**WORK TO BE COMPLETED**.
Return every line in the entries below where the word "forall" shows up.

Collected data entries
= Beginning of Section =
Theorem mainTheorem18 (R : realType) (V : finType) (e : rel V) (d1 d2 : nat) :
  symmetric e -> irreflexive e -> (0 < #|V|)%N ->
  (forall u v : V, connect e u v) ->
  (d1 <= d2)%N ->
  (forall v : V, deg e v = d1 \/ deg e v = d2) ->
  let n1 := #|[set v : V | deg e v == d1]| in
  let n2 := #|[set v : V | deg e v == d2]| in
  let D := fun delta : R =>
    d1%:R * n2%:R + d2%:R * n1%:R
    + delta * (d1%:R - d2%:R) * (n1%:R - n2%:R) in
  let Q := fun delta : R => (d2%:R - d1%:R) * (d1%:R + d2%:R) / (D delta) ^+ 2 in
  forall delta : R, 0 <= delta <= 1 ->
    (forall u : V, deg e u = d1 ->
       deriv01 (fun t : R => fp e 1 t [set u]) delta (- (n2%:R * Q delta)))
    /\ (forall u : V, deg e u = d2 ->
       deriv01 (fun t : R => fp e 1 t [set u]) delta (n1%:R * Q delta))
    /\ ((d1 < d2)%N -> (0 < n1)%N -> (0 < n2)%N ->
          - (n2%:R * Q delta) < 0 /\ 0 < n1%:R * Q delta)
    /\ (d1 = d2 -> - (n2%:R * Q delta) = 0 /\ n1%:R * Q delta = 0).
Proof.
(* Self-loops never change the state and the formulas are symmetric in the
   two degree classes. *)
move=> e_sym _ V_gt0 e_con _ degs n1 n2 D Q delta delta01.
have degs_swap v : deg e v = d2 \/ deg e v = d1 by case: (degs v); [right | left].
split; [|split; [|split]].
- by move=> u du; exact (deriv_fp_deg1 e_sym e_con V_gt0 degs delta01 du).
- move=> u du.
  have -> : n1%:R * Q delta = - (n1%:R * fp_slope e d2 d1 delta).
    by rewrite fp_slope_swap mulrN opprK.
  exact (deriv_fp_deg1 e_sym e_con V_gt0 degs_swap delta01 du).
- move=> lt12 n1_gt0 n2_gt0.
  have Q_gt0 : 0 < Q delta := fp_slope_gt0 lt12 n1_gt0 n2_gt0 delta01.
  by split; rewrite ?oppr_lt0 mulr_gt0 ?ltr0n.
- move=> d12; have Q0 : Q delta = 0 by rewrite /Q d12 subrr !mul0r.
  by rewrite Q0 !mulr0 oppr0.
Qed.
= End of Section =
**RESPONSE TO THIS EXERCISE**.
  (forall u v : V, connect e u v) ->
  (forall v : V, deg e v = d1 \/ deg e v = d2) ->
  forall delta : R, 0 <= delta <= 1 ->
    (forall u : V, deg e u = d1 ->
    /\ (forall u : V, deg e u = d2 ->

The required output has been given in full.